4.0 out of 5 stars Product of its time
Reviewed in the United Kingdom on October 22, 2013
Read this, and you’ll be reading a nineteenth-century work of fiction. Expect it to be wordy and verbose, possibly a little over-written. It’s a product of it’s times – find me a nineteenth-century novel that isn’t over-written! If you’re happy with the style, then you’ll enjoy The Scarlet Letter. It centres on Hester, an adulteress who has to rebuild her life while her presumed-dead husband seeks revenge against the husband of her illegitimate child.
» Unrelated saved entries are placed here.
(* Let $\mathbf G_*=(\partial:G_1\to G_0)$ be a crossed module, and let $\mathsf H^0(G_0,G_1)=\{a\in G_1:{}^xa=a\ \forall x\in G_0\}$. Then $\partial$ maps $\mathsf H^0(G_0,G_1)$ into $\mathsf Z_{G_1}(G_0)$, and $\partial:\mathsf H^0(G_0,G_1)\to\mathsf Z_{G_1}(G_0)$ with trivial action is a crossed module $\mathbf Z^{Nor}_*(\mathbf G_* )$. Setting $j_1$ to be the inclusion $\mathsf H^0(G_0,G_1)\subseteq G_1$ and $j_0(x)=(x,\mathbf 1)$, the pair $j_*=(j_1,j_0)$ is an injective morphism of crossed modules $\mathbf Z^{Nor}_*(\mathbf G_* )\to\mathbf Z_*(\mathbf G_* )$ which induces an isomorphism on $\pi_1$ and a monomorphism on $\pi_0$.
   Context: A crossed module: groups $H_1,H_0$, a homomorphism $\partial:H_1\to H_0$ and a left action $(x,a)\mapsto{}^xa$ of $H_0$ on $H_1$ by automorphisms, with $\partial({}^x a)=x\partial(a)x^{-1}$ and ${}^{\partial(b)}a=bab^{-1}$; $\pi_0=H_0/\mathrm{Im}\partial$, $\pi_1=\ker\partial$. A morphism of crossed modules $(\alpha_1,\alpha_0)$ consists of homomorphisms commuting with $\partial$ and satisfying $\alpha_1({}^xa)={}^{\alpha_0(x)}\alpha_1(a)$. $\mathsf Z_{G_1}(G_0)$ is the set of elements $x$ of the centre of $G_0$ with ${}^xa=a$ for all $a\in G_1$. Commutators $[x,t]=xtx^{-1}t^{-1}$. $\mathbf Z_0(\mathbf G_* )$ is the group of pairs $(x,\xi)$, $x\in G_0$, $\xi:G_0\to G_1$ with $\partial\xi(t)=[x,t]$, $\xi(\partial a)={}^xa\,a^{-1}$, $\xi(st)=\xi(s)\,{}^s\xi(t)$, product $(x,\xi)(y,\eta)=(xy,t\mapsto{}^x\eta(t)\xi(t))$; $\mathbf 1$ is the constant map with value $1$. $\mathbf Z_*(\mathbf G_* )$ is the crossed module $\delta:G_1\to\mathbf Z_0(\mathbf G_* )$, $\delta(c)=(\partial c,\ t\mapsto c\,({}^tc)^{-1})$, with action ${}^{(x,\xi)}a={}^xa$. *)

(* groups here are arbitrary (possibly infinite), so we work
   with carrier types equipped with operations, and subgroups given as
   Prop-valued predicates on an ambient carrier. *)

Set Implicit Arguments.

(* A carrier with group operations (axioms are imposed separately, on a subset). *)
Record grpops := GrpOps {
  gcar :> Type;
  gmul : gcar -> gcar -> gcar;
  gone : gcar;
  ginv : gcar -> gcar }.
Arguments gmul {g}.
Arguments gone {g}.
Arguments ginv {g}.

Definition is_group_on {G : grpops} (S : G -> Prop) : Prop :=
  S gone /\
  (forall x y, S x -> S y -> S (gmul x y)) /\
  (forall x, S x -> S (ginv x)) /\
  (forall x y z, S x -> S y -> S z -> gmul x (gmul y z) = gmul (gmul x y) z) /\
  (forall x, S x -> gmul gone x = x /\ gmul x gone = x) /\
  (forall x, S x -> gmul (ginv x) x = gone /\ gmul x (ginv x) = gone).

Definition is_hom_on {G H : grpops} (S : G -> Prop) (f : G -> H) : Prop :=
  forall x y, S x -> S y -> f (gmul x y) = gmul (f x) (f y).

Definition inj_on {A B : Type} (S : A -> Prop) (f : A -> B) : Prop :=
  forall x y, S x -> S y -> f x = f y -> x = y.

Record xdata := XData {
  xG1 : grpops;
  xG0 : grpops;
  xS1 : xG1 -> Prop;
  xS0 : xG0 -> Prop;
  xd : xG1 -> xG0;
  xact : xG0 -> xG1 -> xG1 }.

Definition is_xmod (X : xdata) : Prop :=
  let S1 := xS1 X in let S0 := xS0 X in let d := xd X in let act := xact X in
  is_group_on S1 /\ is_group_on S0 /\
  (forall a, S1 a -> S0 (d a)) /\ is_hom_on S1 d /\
  (forall x a, S0 x -> S1 a -> S1 (act x a)) /\
  (forall a, S1 a -> act gone a = a) /\
  (forall x y a, S0 x -> S0 y -> S1 a -> act (gmul x y) a = act x (act y a)) /\
  (forall x a b, S0 x -> S1 a -> S1 b -> act x (gmul a b) = gmul (act x a) (act x b)) /\
  (forall x a, S0 x -> S1 a -> d (act x a) = gmul (gmul x (d a)) (ginv x)) /\
  (forall a b, S1 a -> S1 b -> act (d b) a = gmul (gmul b a) (ginv b)).

Definition is_xmod_morphism (X Y : xdata) (f1 : xG1 X -> xG1 Y) (f0 : xG0 X -> xG0 Y) : Prop :=
  (forall a, xS1 X a -> xS1 Y (f1 a)) /\
  (forall x, xS0 X x -> xS0 Y (f0 x)) /\
  is_hom_on (xS1 X) f1 /\ is_hom_on (xS0 X) f0 /\
  (forall a, xS1 X a -> xd Y (f1 a) = f0 (xd X a)) /\
  (forall x a, xS0 X x -> xS1 X a -> f1 (xact X x a) = xact Y (f0 x) (f1 a)).

Definition induces_iso_pi1 (X Y : xdata) (f1 : xG1 X -> xG1 Y) : Prop :=
  inj_on (fun a => xS1 X a /\ xd X a = gone) f1 /\
  (forall b, xS1 Y b -> xd Y b = gone ->
     exists a, xS1 X a /\ xd X a = gone /\ f1 a = b).

(* The map induced on pi_0 = S0 / Im d is injective. *)
Definition induces_mono_pi0 (X Y : xdata) (f0 : xG0 X -> xG0 Y) : Prop :=
  forall x y, xS0 X x -> xS0 X y ->
    (exists b, xS1 Y b /\ f0 x = gmul (f0 y) (xd Y b)) ->
    exists a, xS1 X a /\ x = gmul y (xd X a).

Section Constructions.
Variables (G1 G0 : grpops) (d : G1 -> G0) (act : G0 -> G1 -> G1).

Definition comm (x t : G0) : G0 := gmul (gmul (gmul x t) (ginv x)) (ginv t).

Definition H0set (a : G1) : Prop := forall x : G0, act x a = a.

Definition ZGset (x : G0) : Prop :=
  (forall t : G0, gmul x t = gmul t x) /\ (forall a : G1, act x a = a).

(* Z_0(G_* ) : ambient type G0 * (G0 -> G1) with its group operations *)
Definition Z0mul (p q : G0 * (G0 -> G1)) : G0 * (G0 -> G1) :=
  (gmul (fst p) (fst q), fun t => gmul (act (fst p) ((snd q) t)) ((snd p) t)).
Definition Z0one : G0 * (G0 -> G1) := (gone, fun _ => gone).
Definition Z0inv (p : G0 * (G0 -> G1)) : G0 * (G0 -> G1) :=
  (ginv (fst p), fun t => act (ginv (fst p)) (ginv ((snd p) t))).
Definition Z0ops : grpops := GrpOps Z0mul Z0one Z0inv.

Definition Z0set (p : Z0ops) : Prop :=
  (forall t, d ((snd p) t) = comm (fst p) t) /\
  (forall a, (snd p) (d a) = gmul (act (fst p) a) (ginv a)) /\
  (forall s t, (snd p) (gmul s t) = gmul ((snd p) s) (act s ((snd p) t))).

Definition delta (c : G1) : Z0ops := (d c, fun t => gmul c (ginv (act t c))).

Definition Gstar : xdata := XData G1 G0 (fun _ => True) (fun _ => True) d act.

Definition ZNor : xdata := XData G1 G0 H0set ZGset d (fun _ a => a).

Definition Zstar : xdata :=
  XData G1 Z0ops (fun _ => True) Z0set delta (fun p a => act (fst p) a).

Definition j1 : G1 -> G1 := fun a => a.
Definition j0 (x : G0) : Z0ops := (x, fun _ => gone).

End Constructions.

Arguments H0set {G1 G0} act a.
Arguments ZGset {G1 G0} act x.
Arguments Gstar {G1 G0} d act.
Arguments ZNor {G1 G0} d act.
Arguments Zstar {G1 G0} d act.
Arguments Z0set {G1 G0} d act p.
Arguments delta {G1 G0} d act c.

From Stdlib Require Import FunctionalExtensionality Setoid.

Section GroupLaws.
Context {G : grpops}.
Hypothesis gG : is_group_on (fun _ : G => True).

Lemma g_assoc (x y z : G) : gmul x (gmul y z) = gmul (gmul x y) z.
Proof. destruct gG as (_ & _ & _ & h & _). apply h; exact I. Qed.

Lemma g_one_l (x : G) : gmul gone x = x.
Proof. destruct gG as (_ & _ & _ & _ & h & _). apply h; exact I. Qed.

Lemma g_one_r (x : G) : gmul x gone = x.
Proof. destruct gG as (_ & _ & _ & _ & h & _). apply h; exact I. Qed.

Lemma g_inv_l (x : G) : gmul (ginv x) x = gone.
Proof. destruct gG as (_ & _ & _ & _ & _ & h). apply h; exact I. Qed.

Lemma g_inv_r (x : G) : gmul x (ginv x) = gone.
Proof. destruct gG as (_ & _ & _ & _ & _ & h). apply h; exact I. Qed.

Lemma g_lcancel (a b c : G) : gmul a b = gmul a c -> b = c.
Proof.
  intros H. rewrite <- (g_one_l b), <- (g_one_l c), <- (g_inv_l a),
    <- !g_assoc, H; reflexivity.
Qed.

Lemma g_rcancel (a b c : G) : gmul b a = gmul c a -> b = c.
Proof.
  intros H. rewrite <- (g_one_r b), <- (g_one_r c), <- (g_inv_r a),
    !g_assoc, H; reflexivity.
Qed.

Lemma g_inv_unique (u v : G) : gmul u v = gone -> v = ginv u.
Proof. intros H. apply (g_lcancel u). rewrite H, g_inv_r; reflexivity. Qed.

Lemma g_mul_inv_eq1 (a b : G) : gmul a (ginv b) = gone -> a = b.
Proof.
  intros H. apply (g_rcancel (ginv b)). rewrite H, g_inv_r; reflexivity.
Qed.

Lemma subgroup_criterion (S : G -> Prop) :
  S gone -> (forall x y, S x -> S y -> S (gmul x y)) ->
  (forall x, S x -> S (ginv x)) -> is_group_on S.
Proof.
  intros H1 HM HI. repeat split; auto; intros; auto using g_assoc, g_one_l,
    g_one_r, g_inv_l, g_inv_r.
Qed.

End GroupLaws.

Section CrossedModule.
Context {G1 G0 : grpops} {d : G1 -> G0} {act : G0 -> G1 -> G1}.
Hypothesis HG : is_xmod (Gstar d act).

Lemma G1_group : is_group_on (fun _ : G1 => True).
Proof. destruct HG as (h & _). exact h. Qed.

Lemma G0_group : is_group_on (fun _ : G0 => True).
Proof. destruct HG as (_ & h & _). exact h. Qed.

Lemma d_mul (a b : G1) : d (gmul a b) = gmul (d a) (d b).
Proof. destruct HG as (_ & _ & _ & h & _). apply h; exact I. Qed.

Lemma act_id (a : G1) : act gone a = a.
Proof. destruct HG as (_ & _ & _ & _ & _ & h & _). apply h; exact I. Qed.

Lemma act_mul (x y : G0) (a : G1) : act (gmul x y) a = act x (act y a).
Proof. destruct HG as (_ & _ & _ & _ & _ & _ & h & _). apply h; exact I. Qed.

Lemma act_hom (x : G0) (a b : G1) :
  act x (gmul a b) = gmul (act x a) (act x b).
Proof. destruct HG as (_ & _ & _ & _ & _ & _ & _ & h & _). apply h; exact I. Qed.

Lemma d_equivariant (x : G0) (a : G1) :
  d (act x a) = gmul (gmul x (d a)) (ginv x).
Proof. destruct HG as (_ & _ & _ & _ & _ & _ & _ & _ & h & _). apply h; exact I. Qed.

Lemma peiffer (a b : G1) : act (d b) a = gmul (gmul b a) (ginv b).
Proof. destruct HG as (_ & _ & _ & _ & _ & _ & _ & _ & _ & h). apply h; exact I. Qed.

Lemma act_one (x : G0) : act x gone = gone.
Proof.
  pose proof G1_group as g1.
  apply (g_lcancel g1 (act x gone)). rewrite <- act_hom, !(g_one_r g1).
  reflexivity.
Qed.

Lemma act_inv (x : G0) (a : G1) : act x (ginv a) = ginv (act x a).
Proof.
  pose proof G1_group as g1.
  apply (g_inv_unique g1). rewrite <- act_hom, (g_inv_r g1). apply act_one.
Qed.

Lemma d_one : d gone = gone.
Proof.
  pose proof G1_group as g1; pose proof G0_group as g0.
  apply (g_lcancel g0 (d gone)). rewrite <- d_mul, (g_one_r g1), (g_one_r g0).
  reflexivity.
Qed.

(* Peiffer identity: an element fixed by d b commutes with b; in particular
   H^0 lies in the centre of G1. *)
Lemma H0_central (a b : G1) : H0set act a -> gmul b a = gmul a b.
Proof.
  pose proof G1_group as g1. intros Ha.
  apply (g_rcancel g1 (ginv b)).
  rewrite <- peiffer, Ha, <- (g_assoc g1), (g_inv_r g1), (g_one_r g1).
  reflexivity.
Qed.

Lemma d_H0_in_ZG (a : G1) : H0set act a -> ZGset act (d a).
Proof.
  pose proof G1_group as g1; pose proof G0_group as g0. intros Ha. split.
  - intros t.
    assert (Hconj : d a = gmul (gmul t (d a)) (ginv t))
      by (rewrite <- d_equivariant, Ha; reflexivity).
    rewrite Hconj at 1. rewrite <- (g_assoc g0), (g_inv_l g0), (g_one_r g0).
    reflexivity.
  - intros b. rewrite peiffer, <- (H0_central a b Ha), <- (g_assoc g1),
      (g_inv_r g1), (g_one_r g1).
    reflexivity.
Qed.

Lemma H0_subgroup : is_group_on (H0set act).
Proof.
  pose proof G1_group as g1. apply (subgroup_criterion g1).
  - exact act_one.
  - intros a b Ha Hb x. rewrite act_hom, Ha, Hb. reflexivity.
  - intros a Ha x. rewrite act_inv, Ha. reflexivity.
Qed.

Lemma ZG_subgroup : is_group_on (ZGset act).
Proof.
  pose proof G0_group as g0. apply (subgroup_criterion g0).
  - split; [intros t; rewrite (g_one_l g0), (g_one_r g0); reflexivity|].
    exact act_id.
  - intros x y [Hx1 Hx2] [Hy1 Hy2]. split.
    + intros t. rewrite <- (g_assoc g0), Hy1, (g_assoc g0), Hx1, (g_assoc g0).
      reflexivity.
    + intros a. rewrite act_mul, Hy2, Hx2. reflexivity.
  - intros x [Hx1 Hx2]. split.
    + intros t. apply (g_lcancel g0 x).
      rewrite (g_assoc g0), (g_inv_r g0), (g_one_l g0), (g_assoc g0), Hx1,
        <- (g_assoc g0), (g_inv_r g0), (g_one_r g0).
      reflexivity.
    + intros a. rewrite <- (Hx2 a) at 1. rewrite <- act_mul, (g_inv_l g0).
      apply act_id.
Qed.

Lemma ZNor_is_xmod : is_xmod (ZNor d act).
Proof.
  pose proof G1_group as g1; pose proof G0_group as g0.
  unfold is_xmod; simpl.
  split; [exact H0_subgroup|]. split; [exact ZG_subgroup|].
  split; [exact d_H0_in_ZG|].
  split; [intros a b _ _; apply d_mul|].
  split; [intros x a _ Ha; exact Ha|].
  split; [reflexivity|]. split; [reflexivity|]. split; [reflexivity|].
  split.
  - intros x a [Hx _] _.
    rewrite Hx, <- (g_assoc g0), (g_inv_r g0), (g_one_r g0). reflexivity.
  - intros a b Ha _.
    rewrite (H0_central a b Ha), <- (g_assoc g1), (g_inv_r g1), (g_one_r g1).
    reflexivity.
Qed.

Lemma j0_in_Z0 (x : G0) : ZGset act x -> Z0set d act (@j0 G1 G0 act x).
Proof.
  pose proof G1_group as g1; pose proof G0_group as g0.
  intros [Hx1 Hx2]. unfold Z0set, j0, comm; simpl. split; [|split].
  - intros t. rewrite d_one, Hx1, <- (g_assoc g0 t x (ginv x)), (g_inv_r g0),
      (g_one_r g0), (g_inv_r g0).
    reflexivity.
  - intros a. rewrite Hx2, (g_inv_r g1). reflexivity.
  - intros s t. rewrite act_one, (g_one_l g1). reflexivity.
Qed.

Lemma j_is_morphism : is_xmod_morphism (ZNor d act) (Zstar d act) (@j1 G1) (@j0 G1 G0 act).
Proof.
  pose proof G1_group as g1.
  unfold is_xmod_morphism; simpl.
  split; [intros; exact I|]. split; [exact j0_in_Z0|].
  split; [intros a b _ _; reflexivity|].
  split; [|split].
  - intros x y _ _. unfold j0; cbn; unfold Z0mul; cbn. f_equal.
    apply functional_extensionality; intros t.
    rewrite act_one, (g_one_l g1). reflexivity.
  - intros a Ha. unfold delta, j0, j1. f_equal.
    apply functional_extensionality; intros t.
    rewrite Ha, (g_inv_r g1). reflexivity.
  - intros x a [_ Hx] _. unfold j1, j0; simpl. rewrite Hx. reflexivity.
Qed.

Lemma j0_injective : inj_on (ZGset act) (@j0 G1 G0 act).
Proof. intros x y _ _ H. unfold j0 in H. injection H; auto. Qed.

(* An element whose derivation part  t |-> b (^t b)^{-1}  is trivial is
   invariant; this is where pi_1 and pi_0 are controlled. *)
Lemma H0_of_trivial_derivation (b : G1) :
  (fun t => gmul b (ginv (act t b))) = (fun _ => gone) -> H0set act b.
Proof.
  pose proof G1_group as g1. intros Hb t.
  symmetry. apply (g_mul_inv_eq1 g1). exact (equal_f Hb t).
Qed.

Lemma j_iso_pi1 : induces_iso_pi1 (ZNor d act) (Zstar d act) (@j1 G1).
Proof.
  split; [intros x y _ _ H; exact H|].
  intros b _ Hb. simpl in Hb. unfold delta, Z0one in Hb.
  injection Hb as Hd Hder.
  exists b. split; [|split; [exact Hd|reflexivity]].
  exact (H0_of_trivial_derivation b Hder).
Qed.

Lemma j_mono_pi0 : induces_mono_pi0 (ZNor d act) (Zstar d act) (@j0 G1 G0 act).
Proof.
  pose proof G1_group as g1.
  intros x y _ [_ Hy] [b [_ Hb]]. simpl in Hb. unfold j0, delta, Z0mul in Hb.
  simpl in Hb. injection Hb as Hxy Hder.
  exists b. split; [|exact Hxy].
  apply H0_of_trivial_derivation. apply functional_extensionality; intros t.
  pose proof (equal_f Hder t) as E. simpl in E.
  rewrite (g_one_r g1), Hy in E. symmetry. exact E.
Qed.

End CrossedModule.

Theorem mainTheorem11 (G1 G0 : grpops) (d : G1 -> G0) (act : G0 -> G1 -> G1)
  (HG : is_xmod (Gstar d act)) :
  (forall a, H0set act a -> ZGset act (d a)) /\
  is_xmod (ZNor d act) /\
  is_xmod_morphism (ZNor d act) (Zstar d act) (@j1 G1) (@j0 G1 G0 act) /\
  inj_on (H0set act) (@j1 G1) /\ inj_on (ZGset act) (@j0 G1 G0 act) /\
  induces_iso_pi1 (ZNor d act) (Zstar d act) (@j1 G1) /\
  induces_mono_pi0 (ZNor d act) (Zstar d act) (@j0 G1 G0 act).
Proof.
  split; [exact (d_H0_in_ZG HG)|].
  split; [exact (ZNor_is_xmod HG)|].
  split; [exact (j_is_morphism HG)|].
  split; [intros a b _ _ H; exact H|].
  split; [exact j0_injective|].
  split; [exact (j_iso_pi1 HG)|].
  exact (j_mono_pi0 HG).
Qed.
The introductory autobiography by Nathaniel Hawthorne doesn’t really add much, but the story itself is verging on a classic.
3.0 out of 5 stars not what i expected
Reviewed in the United Kingdom on February 20, 2014
Firstly, the opening few chapters of this book are quite strange, and not related to the storyline particularly – I don’t know whether these bits are included in every version, but I certainly found them something to be ploughed through in order to get to the main story! The story is about Hester Prynne, a woman who is forced to make and wear a scarlet ‘A’ after she conceives and births a child out of wedlock and refuses to name the father. There are some salient points about organised religion (in this case Puritan legalism) and how Hester is hypocritically condemned by many people in the village. Hester is likeable. However I found one character to be very strange – Roger Chillingworth – his character seems to change a bit, though maybe this was just my understanding of it! And the child Pearl is also an odd one, but this is more obviously a literary device as Hawthorne uses her to symbolise Hester’s sin. The writing is at times quite difficult to get into because of the time in which this book was written, and this isn’t the most gripping book I’ve ever read, but it’s worth a read.